Exercise requirements> In your answer, reproduce exactly the lines from the beginning of the listing below through the one containing "sumR n (fun j => trans n r a i j * v j).", and only those lines.

******************************

Theorem theorem2 (R : realType) (n M : nat) (hM : (0 < M)%N)
  (nrm : 'rV[R]_n -> R) (Q : set 'rV[R]_n)
  (fs : 'I_M -> 'rV[R]_n -> R) (h : 'rV[R]_n -> R) (L : R)
  (d : 'rV[R]_n -> R) (xstar x0 : 'rV[R]_n) (Rad L0 : R) (N : nat)
  (Lacc alpha A : nat -> R) (x y u : nat -> 'rV[R]_n) :
  is_norm nrm ->
  closed Q -> convexR_set Q ->
  (forall i, convex_fun_on Q (fs i)) ->
  (forall i z, Q z -> differentiable (fs i) z) ->
  (forall i z w, Q z -> Q w ->
     dual_norm nrm (grad (fs i) z - grad (fs i) w) <= L * nrm (z - w)) ->
  convex_fun_on Q h ->
  Q xstar -> (forall z, Q z -> fobj hM fs h xstar <= fobj hM fs h z) ->
  prox_function nrm Q d ->
  Q x0 -> bregman d xstar x0 <= Rad ^+ 2 ->
  (1 <= N)%N -> 0 < L0 -> L0 <= L ->
  mtm_run hM fs h d nrm Q L0 x0 N Lacc alpha A x y u ->
  fobj hM fs h (x N) - fobj hM fs h xstar <= 8 * L * Rad ^+ 2 / (N.+1)%:R ^+ 2.
Proof.
move=> hn _ cQ cf df hL ch Qs _ pd Qx0 hR N1 L0_gt0 L0_le run.
have L_gt0 : 0 < L by lra.
have est := run_estimate hn cQ cf df hL ch pd Qs Qx0 L0_gt0 L0_le run (leqnn N).
have grow : (N.+1)%:R ^+ 2 <= 8 * L * A N.
  by apply: (run_growth hn cQ df hL Qx0 L0_gt0 L0_le run); rewrite N1 leqnn.
have [_ QuN _ _] := run_feasible hn cQ df hL Qx0 L0_gt0 L0_le run (leqnn N).
have [dd _ sd] := pd.
have VN_ge0 : 0 <= bregman d xstar (u N).
  by apply: le_trans (bregman_ge_sqr sd (dd _ QuN) Qs QuN); rewrite divr_ge0 ?sqr_ge0.
rewrite ler_pdivlMr ?exprn_gt0 ?ltr0Sn //.
apply: (mul_le_of_le_scaled (B := 8 * L * A N)).
- by rewrite grow exprn_ge0.
- by rewrite mulr_ge0 ?sqr_ge0 // mulr_ge0 // ltW.
- by rewrite -mulrA ler_pM2l ?mulr_gt0 //; lra.
Qed.
Definition Amul (n r : nat) (a : nat -> nat) (v : nat -> R) (i : nat) : R :=
  sumR n (fun j => trans n r a i j * v j).

Fixpoint Apow (n r : nat) (a : nat -> nat) (t : nat) (v : nat -> R) : nat -> R :=
  match t with
  | O => v
  | S t' => Amul n r a (Apow n r a t' v)
  end.

Definition ev (k : nat) (i : nat) : R := if Nat.eqb i k then 1 else 0.

Definition irreducible (n r : nat) (a : nat -> nat) : Prop :=
  forall i j, (i < n)%nat -> (j < n)%nat -> exists t, Apow n r a t (ev j) i > 0.

Definition dA (n r : nat) (a : nat -> nat) (t : nat) : R :=
  sumR n (fun i => Rabs (Apow n r a t (ev 0) i - / INR n)).

Definition is_tA (n r : nat) (a : nat -> nat) (d : R) (t : nat) : Prop :=
  dA n r a t >= d /\ (forall s, dA n r a s >= d -> (s <= t)%nat).

(* lam is a nontrivial eigenvalue of A, i.e. one of lambda_1..lambda_{n-1}:
   A is real symmetric with 1 an eigenvector of eigenvalue lambda_0 = 1, so
   the nontrivial eigenvalues are exactly the eigenvalues of A on 1^perp. *)
Definition nontriv_eig (n r : nat) (a : nat -> nat) (lam : R) : Prop :=
  exists v : nat -> R,
    (exists i, (i < n)%nat /\ v i <> 0) /\
    sumR n v = 0 /\
    (forall i, (i < n)%nat -> Amul n r a v i = lam * v i).

Definition is_lam_m (n r : nat) (a : nat -> nat) (M : R) : Prop :=
  (exists lam, nontriv_eig n r a lam /\ Rabs lam = M) /\
  (forall lam, nontriv_eig n r a lam -> Rabs lam <= M).

From Stdlib Require Import Reals Lra Lia List ZArith.
Open Scope R_scope.

(* The walk is diagonalised by the cosine characters  i |-> cos(2 pi k i / n): the
   character of frequency k is an eigenvector with eigenvalue
     lambda_k = (1 + 2 sum_j cos(2 pi k a_j / n)) / (2r+1),
   and e_0 = (1/n) sum_k chi_k, so  d_A(t) <= sum_{k<>0} |lambda_k|^t.
   Write N(k) for the largest circular distance to 0 of the residues k a_j mod n.
   Elementary bounds on 1 - cos give
     1 - lambda_k <= 2 pi^2 (N(k)/n)^2   and   |lambda_k| <= 1 - 4/(2r+1) (N(k)/n)^2.
   Let q = min_{k<>0} N(k).  The map k |-> (floor(k a_j / q))_j (with signed residues)
   is injective on frequencies with N(k) < (m+1) q, which therefore number at most
   (2m+2)^r.  Grouping the frequencies by the size of N(k)/q and summing a geometric
   series shows that d_A(t) < 1/2 as soon as t (q/n)^2 exceeds a constant K_r.
   Hence t_A(1/2) (q/n)^2 <= K_r, while the frequency attaining q gives
   1 - |lambda_m| <= 2 pi^2 (q/n)^2; multiplying yields the theorem with
   C_r = 2 pi^2 K_r. *)

Lemma sumR_ext n f g : (forall i, (i < n)%nat -> f i = g i) -> sumR n f = sumR n g.
Proof.
  induction n as [|n IH]; simpl; intros H; auto.
  rewrite IH by (intros; apply H; lia). rewrite H by lia. reflexivity.
Qed.

Lemma sumR_plus n f g : sumR n (fun i => f i + g i) = sumR n f + sumR n g.
Proof. induction n as [|n IH]; simpl; [ring | rewrite IH; ring]. Qed.

Lemma sumR_scal n c f : sumR n (fun i => c * f i) = c * sumR n f.
Proof. induction n as [|n IH]; simpl; [ring | rewrite IH; ring]. Qed.

Lemma sumR_const n c : sumR n (fun _ => c) = INR n * c.
Proof. induction n as [|n IH]; simpl sumR; [simpl; ring | rewrite IH, S_INR; ring]. Qed.

Lemma sumR_le n f g : (forall i, (i < n)%nat -> f i <= g i) -> sumR n f <= sumR n g.
Proof.
  induction n as [|n IH]; simpl; intros H; [lra|].
  assert (f n <= g n) by (apply H; lia).
  assert (sumR n f <= sumR n g) by (apply IH; intros; apply H; lia). lra.
Qed.

Lemma sumR_nonneg n f : (forall i, (i < n)%nat -> 0 <= f i) -> 0 <= sumR n f.
Proof.
  intros H. replace 0 with (sumR n (fun _ => 0)) by (rewrite sumR_const; ring).
  apply sumR_le; auto.
Qed.

Lemma sumR_abs n f : Rabs (sumR n f) <= sumR n (fun i => Rabs (f i)).
Proof.
  induction n as [|n IH]; simpl; [rewrite Rabs_R0; lra|].
  eapply Rle_trans; [apply Rabs_triang | lra].
Qed.

Lemma sumR_single_le n f k :
  (forall i, (i < n)%nat -> 0 <= f i) -> (k < n)%nat -> f k <= sumR n f.
Proof.
  induction n as [|n IH]; simpl; intros H Hk; [lia|].
  assert (0 <= f n) by (apply H; lia).
  destruct (Nat.eq_dec k n) as [->|Hkn].
  - assert (0 <= sumR n f) by (apply sumR_nonneg; intros; apply H; lia). lra.
  - assert (f k <= sumR n f) by (apply IH; [intros; apply H|]; lia). lra.
Qed.

Lemma sumR_swap n m (f : nat -> nat -> R) :
  sumR n (fun i => sumR m (fun j => f i j)) = sumR m (fun j => sumR n (fun i => f i j)).
Proof.
  induction n as [|n IH]; simpl; [rewrite sumR_const; ring|].
  rewrite IH, <- sumR_plus. reflexivity.
Qed.

Lemma sumR_first n f : sumR (S n) f = f 0%nat + sumR n (fun k => f (S k)).
Proof.
  induction n as [|n IH]; simpl; [ring|].
  simpl in IH. rewrite IH. ring.
Qed.

Lemma sumR_delta n m v :
  (m < n)%nat -> sumR n (fun j => (if Nat.eqb m j then 1 else 0) * v j) = v m.
Proof.
  induction n as [|n IH]; intros H; simpl; [lia|].
  destruct (Nat.eq_dec m n) as [->|Hmn].
  - rewrite Nat.eqb_refl, (sumR_ext n _ (fun _ => 0)), sumR_const; [ring|].
    intros i Hi. destruct (Nat.eqb_spec n i); [lia | ring].
  - rewrite IH by lia. destruct (Nat.eqb_spec m n); [lia | ring].
Qed.

Lemma sumR_count n (P : nat -> bool) :
  sumR n (fun k => if P k then 1 else 0) = INR (length (filter P (seq 0 n))).
Proof.
  induction n as [|n IH]; [reflexivity|].
  rewrite seq_S, filter_app, length_app. simpl. rewrite IH.
  destruct (P n); simpl; rewrite ?plus_INR; simpl; ring.
Qed.

Lemma sumR_geometric N : sumR N (fun m => (1/8) ^ (S m)) = 1/7 - (1/7) * (1/8)^N.
Proof. induction N as [|N IH]; [simpl; field|]. cbn [sumR]. rewrite IH. simpl. field. Qed.

Definition lsum (L : list nat) (g : nat -> R) : R := fold_right (fun s acc => g s + acc) 0 L.

Lemma lsum_app L1 L2 g : lsum (L1 ++ L2) g = lsum L1 g + lsum L2 g.
Proof. induction L1 as [|s L1 IH]; simpl; [ring | rewrite IH; ring]. Qed.

Lemma lsum_flat_map r (F : nat -> list nat) g :
  lsum (flat_map F (seq 0 r)) g = sumR r (fun j => lsum (F j) g).
Proof.
  induction r as [|r IH]; [reflexivity|].
  rewrite seq_S, flat_map_app, lsum_app, IH. simpl. rewrite app_nil_r. reflexivity.
Qed.

Lemma INR_pos n : (0 < n)%nat -> 0 < INR n.
Proof. apply lt_0_INR. Qed.

Definition cosk (n m : nat) : R := cos (2 * PI * INR m / INR n).

Lemma cosk_bound n m : -1 <= cosk n m <= 1.
Proof. apply COS_bound. Qed.

Lemma cosk_0 n : cosk n 0 = 1.
Proof. unfold cosk. simpl. replace (2 * PI * 0 / INR n) with 0 by (unfold Rdiv; ring). apply cos_0. Qed.

Lemma cosk_mod n m : (0 < n)%nat -> cosk n (m mod n) = cosk n m.
Proof.
  intros Hn. pose proof (INR_pos n Hn). unfold cosk.
  rewrite (Nat.div_mod_eq m n) at 2. rewrite plus_INR, mult_INR.
  replace (2 * PI * (INR n * INR (m / n) + INR (m mod n)) / INR n) with
    (2 * PI * INR (m mod n) / INR n + 2 * INR (m / n) * PI) by (field; lra).
  symmetry; apply cos_period.
Qed.

Lemma cosk_mulmod n k m : (0 < n)%nat -> cosk n (k * (m mod n)) = cosk n (k * m).
Proof.
  intros Hn. rewrite <- cosk_mod, Nat.Div0.mul_mod_idemp_r by exact Hn. apply cosk_mod, Hn.
Qed.

Lemma cosk_reflect n u : (0 < n)%nat -> (u <= n)%nat -> cosk n (n - u) = cosk n u.
Proof.
  intros Hn Hu. pose proof (INR_pos n Hn). unfold cosk. rewrite minus_INR by exact Hu.
  replace (2 * PI * (INR n - INR u) / INR n) with (- (2 * PI * INR u / INR n) + 2 * INR 1 * PI)
    by (simpl; field; lra).
  rewrite cos_period, cos_neg. reflexivity.
Qed.

(* Product formula: chi(i+s) + chi(i-s) = 2 chi(i) chi(s), the source of the eigenvalues. *)
Lemma cosk_sum_product n k i s : (0 < n)%nat -> (s < n)%nat ->
  cosk n (k * (i + s)) + cosk n (k * (i + (n - s) mod n)) = 2 * cosk n (k * i) * cosk n (k * s).
Proof.
  intros Hn Hs. pose proof (INR_pos n Hn). destruct (Nat.eq_dec s 0) as [->|Hs0].
  - rewrite Nat.sub_0_r, Nat.Div0.mod_same, Nat.mul_0_r, cosk_0, Nat.add_0_r. ring.
  - rewrite Nat.mod_small by lia. unfold cosk. rewrite !mult_INR, !plus_INR, minus_INR by lia.
    set (x := 2 * PI * (INR k * INR i) / INR n). set (y := 2 * PI * (INR k * INR s) / INR n).
    replace (2 * PI * (INR k * (INR i + (INR n - INR s))) / INR n) with (x - y + 2 * INR k * PI)
      by (unfold x, y; field; lra).
    replace (2 * PI * (INR k * (INR i + INR s)) / INR n) with (x + y) by (unfold x, y; field; lra).
    rewrite cos_period, cos_plus, cos_minus. ring.
Qed.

******************************

Task response>
Theorem theorem2 (R : realType) (n M : nat) (hM : (0 < M)%N)
  (nrm : 'rV[R]_n -> R) (Q : set 'rV[R]_n)
  (fs : 'I_M -> 'rV[R]_n -> R) (h : 'rV[R]_n -> R) (L : R)
  (d : 'rV[R]_n -> R) (xstar x0 : 'rV[R]_n) (Rad L0 : R) (N : nat)
  (Lacc alpha A : nat -> R) (x y u : nat -> 'rV[R]_n) :
  is_norm nrm ->
  closed Q -> convexR_set Q ->
  (forall i, convex_fun_on Q (fs i)) ->
  (forall i z, Q z -> differentiable (fs i) z) ->
  (forall i z w, Q z -> Q w ->
     dual_norm nrm (grad (fs i) z - grad (fs i) w) <= L * nrm (z - w)) ->
  convex_fun_on Q h ->
  Q xstar -> (forall z, Q z -> fobj hM fs h xstar <= fobj hM fs h z) ->
  prox_function nrm Q d ->
  Q x0 -> bregman d xstar x0 <= Rad ^+ 2 ->
  (1 <= N)%N -> 0 < L0 -> L0 <= L ->
  mtm_run hM fs h d nrm Q L0 x0 N Lacc alpha A x y u ->
  fobj hM fs h (x N) - fobj hM fs h xstar <= 8 * L * Rad ^+ 2 / (N.+1)%:R ^+ 2.
Proof.
move=> hn _ cQ cf df hL ch Qs _ pd Qx0 hR N1 L0_gt0 L0_le run.
have L_gt0 : 0 < L by lra.
have est := run_estimate hn cQ cf df hL ch pd Qs Qx0 L0_gt0 L0_le run (leqnn N).
have grow : (N.+1)%:R ^+ 2 <= 8 * L * A N.
  by apply: (run_growth hn cQ df hL Qx0 L0_gt0 L0_le run); rewrite N1 leqnn.
have [_ QuN _ _] := run_feasible hn cQ df hL Qx0 L0_gt0 L0_le run (leqnn N).
have [dd _ sd] := pd.
have VN_ge0 : 0 <= bregman d xstar (u N).
  by apply: le_trans (bregman_ge_sqr sd (dd _ QuN) Qs QuN); rewrite divr_ge0 ?sqr_ge0.
rewrite ler_pdivlMr ?exprn_gt0 ?ltr0Sn //.
apply: (mul_le_of_le_scaled (B := 8 * L * A N)).
- by rewrite grow exprn_ge0.
- by rewrite mulr_ge0 ?sqr_ge0 // mulr_ge0 // ltW.
- by rewrite -mulrA ler_pM2l ?mulr_gt0 //; lra.
Qed.
Definition Amul (n r : nat) (a : nat -> nat) (v : nat -> R) (i : nat) : R :=
  sumR n (fun j => trans n r a i j * v j).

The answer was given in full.